As an audience member I was amazed on two levels. First, as a playwright, the scope and production values I saw were amazing. A cast of approximately 50 (including six professional stunt people), riding a fleet of horses in and out of the amphitheatre, explosions, huge intricate sets, massive fight sequences, an actual bald eagle flying in and out of the quarry to Winnetou’s arm. Twice.

That alone truly took your breath away. Add to that a falling flag pole with a man on top. A zip line spanning the length of the theatre space where the hero comes flying over the audience’s head to the rescue…. Absolutely amazing. Who knew zip lines were a part of the Apache culture?  And all that’s just off the top of my head. Once again, I found myself weeping gently at the possibilities and execution.

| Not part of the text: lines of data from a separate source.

Lemma derive1_ge0_le_pos {R : realType} {f : R -> R} :
  (forall x, 0 < x -> derivable f x 1) ->
  (forall x, 0 < x -> 0 <= derive1 f x) ->
  forall x y, 0 < x -> x <= y -> f x <= f y.
Proof.
move=> f_der f'_ge0 x y x_gt0 xy.
apply: (@ger0_derive1_ndecr R f x y) => // [z|z|]; rewrite ?in_itv /=.
- by case/andP=> xz _; apply: f_der; apply: lt_trans xz.
- by case/andP=> xz _; apply: f'_ge0; apply: lt_trans xz.
- apply: derivable_within_continuous => z; rewrite in_itv /= => /andP[xz _].
  by apply: f_der; apply: lt_le_trans xz.
Qed.

Lemma exists_uniform_gap {R : realDomainType} (N : nat) (mu : nat -> R) (c : R) {S : R} :
  0 < S -> exists2 d, 0 < d & forall delta, delta < d ->
    forall k, (2 <= k <= N)%N -> c < mu k -> c * S + delta < S * mu k.
Proof.
move=> S_gt0; have [d d_gt0 d_le] : exists2 d, 0 < d &
    forall k, k \in iota 2 N.-1 -> c < mu k -> d <= (mu k - c) * S.
  by apply: exists_pos_lower_bound => k _ c_lt; rewrite mulr_gt0 ?subr_gt0.
exists d => // delta delta_lt k k_range c_lt.
have := d_le k; rewrite mem_iota => /(_ ltac:(lia) c_lt).
by rewrite mulrBl mulrC; lra.
Qed.

Section Secant.
Context {R : realFieldType} (B S : R).

Definition secant_slope (x fx y fy : R) := (fy - fx) / (y - x).
Definition secant_icept (x fx y fy : R) := (y * fx - x * fy) / (y - x).

(* Cost of the distribution of mass [S] and first moment [B] on [{x, y}]. *)
Definition pair_cost (x fx y fy : R) :=
  secant_slope x fx y fy * B + secant_icept x fx y fy * S.

(* Moving the left point from [x] to [z] changes the cost by the height of
   [(z, fz)] above the secant through [(x, fx)], [(y, fy)], times a positive
   factor. *)
Lemma secant_le_of_pair_cost_le_left x fx y fy z fz :
  x < y -> z < y -> B < y * S ->
  pair_cost x fx y fy <= pair_cost z fz y fy ->
  secant_icept x fx y fy + secant_slope x fx y fy * z <= fz.
Proof.
move=> xy zy BS; set line := _ + _ * z.
have -> : pair_cost z fz y fy
    = pair_cost x fx y fy + (fz - line) * ((y * S - B) / (y - z)).
  rewrite /pair_cost /line /secant_slope /secant_icept; field.
  by rewrite !subr_eq0 !gt_eqF.
by rewrite lerDl pmulr_lge0 ?subr_ge0 // divr_gt0 // subr_gt0 // mulrC.
Qed.

Lemma secant_le_of_pair_cost_le_right x fx y fy z fz :
  x < y -> x < z -> x * S < B ->
  pair_cost x fx y fy <= pair_cost x fx z fz ->
  secant_icept x fx y fy + secant_slope x fx y fy * z <= fz.
Proof.
move=> xy xz SB; set line := _ + _ * z.
have -> : pair_cost x fx z fz
    = pair_cost x fx y fy + (fz - line) * ((B - x * S) / (z - x)).
  rewrite /pair_cost /line /secant_slope /secant_icept; field.
  by rewrite !subr_eq0 !gt_eqF.
by rewrite lerDl pmulr_lge0 ?subr_ge0 // divr_gt0 // subr_gt0.
Qed.

End Secant.

Section TwoPointLP.
Variables (R : realType) (N : nat) (mu : nat -> R) (f : R -> R) (f1 pi1 : R).
Variable delta : R.

Local Notation S := (1 - pi1).
Local Notation B := (delta - pi1 * mu 1%N).
Local Notation feasible := (feasible N mu pi1 delta).
Local Notation Phi := (Phi N mu f f1 pi1).
Local Notation Fval := (Fval mu f f1 pi1 delta).

Lemma Phi_ge_affine_minorant {A C : R} {p : nat -> R} :
  feasible p -> 0 <= C ->
  (forall j, (2 <= j <= N)%N -> A + C * mu j <= f (mu j)) ->
  pi1 * f1 + A * S + C * B <= Phi p.
Proof.
move=> [p_ge0 p_sum p_mom] C_ge0 minorant; rewrite /Phi -addrA lerD2l.
apply: (@le_trans _ _ (\sum_(2 <= j < N.+1) p j * (A + C * mu j))).
  have -> : \sum_(2 <= j < N.+1) p j * (A + C * mu j)
      = A * \sum_(2 <= j < N.+1) p j + C * \sum_(2 <= j < N.+1) p j * mu j.
    by rewrite !mulr_sumr -big_split; apply: eq_bigr => j _ /=; ring.
  by rewrite p_sum [B]addrC lerD2l ler_wpM2l.
apply: ler_sum_nat => j /andP[j2 jN]; apply: ler_wpM2l; first by apply: p_ge0; lia.
by apply: minorant; lia.
Qed.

From the Aboriginal perspective, it was a different ‘story’, metaphorically speaking. Winnetou, the good Indian, wore white buckskin, while the Native villains wore black buckskin. Though I obviously could not speak German, following the plot was quite simple. There was a mercury mine involved, an evil Mexican woman who played both sides, a bad White guy who was manipulating the bad Apaches by giving them ‘firewater’.

Somewhere at the center was this half-Native girl who was about to get married but was kidnapped because she had certain psychic abilities. Throw in a kid that kept getting into trouble, and two white guys that provided comic relief and essentially that’s the play. Characterization was pretty black and white…. Or red and white as the case might be.

Still, the play was quite amusing, though perhaps not for the reasons the producers had anticipated. There were several moderately successful ‘traditional’ dance sequences by the ‘Indians’, including one healing dance that perked the girl right up. Additionally, the hero Winnetou, always spoke in third person. Like the famous Tonto, it seemed Native people from the American southwest have personal pronoun problems. Somebody should look into that.

After half a dozen mob fights, the hero manages to convince the bad chief of the Apaches – a man named Iron Arrow who literally was swigging a bottle of something between every sentence of dialogue— to give up alcohol and join Winnetou in defeating the bad White people, and save the girl and the boy, while at the same time providing redemption to everybody. The audience cheered uproariously, and at the end, rushed the stage to shake hands with the several dozen cast members, and hopefully, touch the pseudo-leathered arm of the man playing Winnetou himself. The worship and reverence was palpable.

But for me, it was that same audience which I found to be the most interesting aspect of my visit. Scattered through the thousands of enthralled people I could easily see a multitude of cheap headdresses with a single chicken feather sticking up from the back. Mostly children, but with a surprisingly good number of adults too. Strewn amongst the crowd could be seen more kids (and some adults again) also wearing imitation buckskin and fringe clothing, or further variations on the headband or headdress motif. Add to this the impressive yet ominous marketing of toy bows and arrows, plastic rifles, actual bullwhips (which I saw young boys practicing during the intermission), and at the food booth, something called a burger Manitou.

Inside the so called Trading Post itself I saw people eyeing something that was called a Squaw starter kit. Others were having their pictures taken next to two large cigar store Indians, near a row of what appeared to be tenement tipis, across the walkway from some poorly executed totem poles. Ironically, I was wearing a t-shirt that said “Anishnawbe”, what we Ojibway call ourselves, also spelled out in Oji-Cree syllabics. I think that t-shirt was the only truly Indigenous object in the entire theatre, other than yours truly. I wanted to weep again, but for a completely different reason.

I should point out that the man who was the 100,000th audience member was brought on stage and presented with a prize. He announced to the crowd his dream was to attend the two other Karl May- Winnetou festivals that exist in other parts of Germany.

Maybe I started my Indigenous theatre career in the wrong country.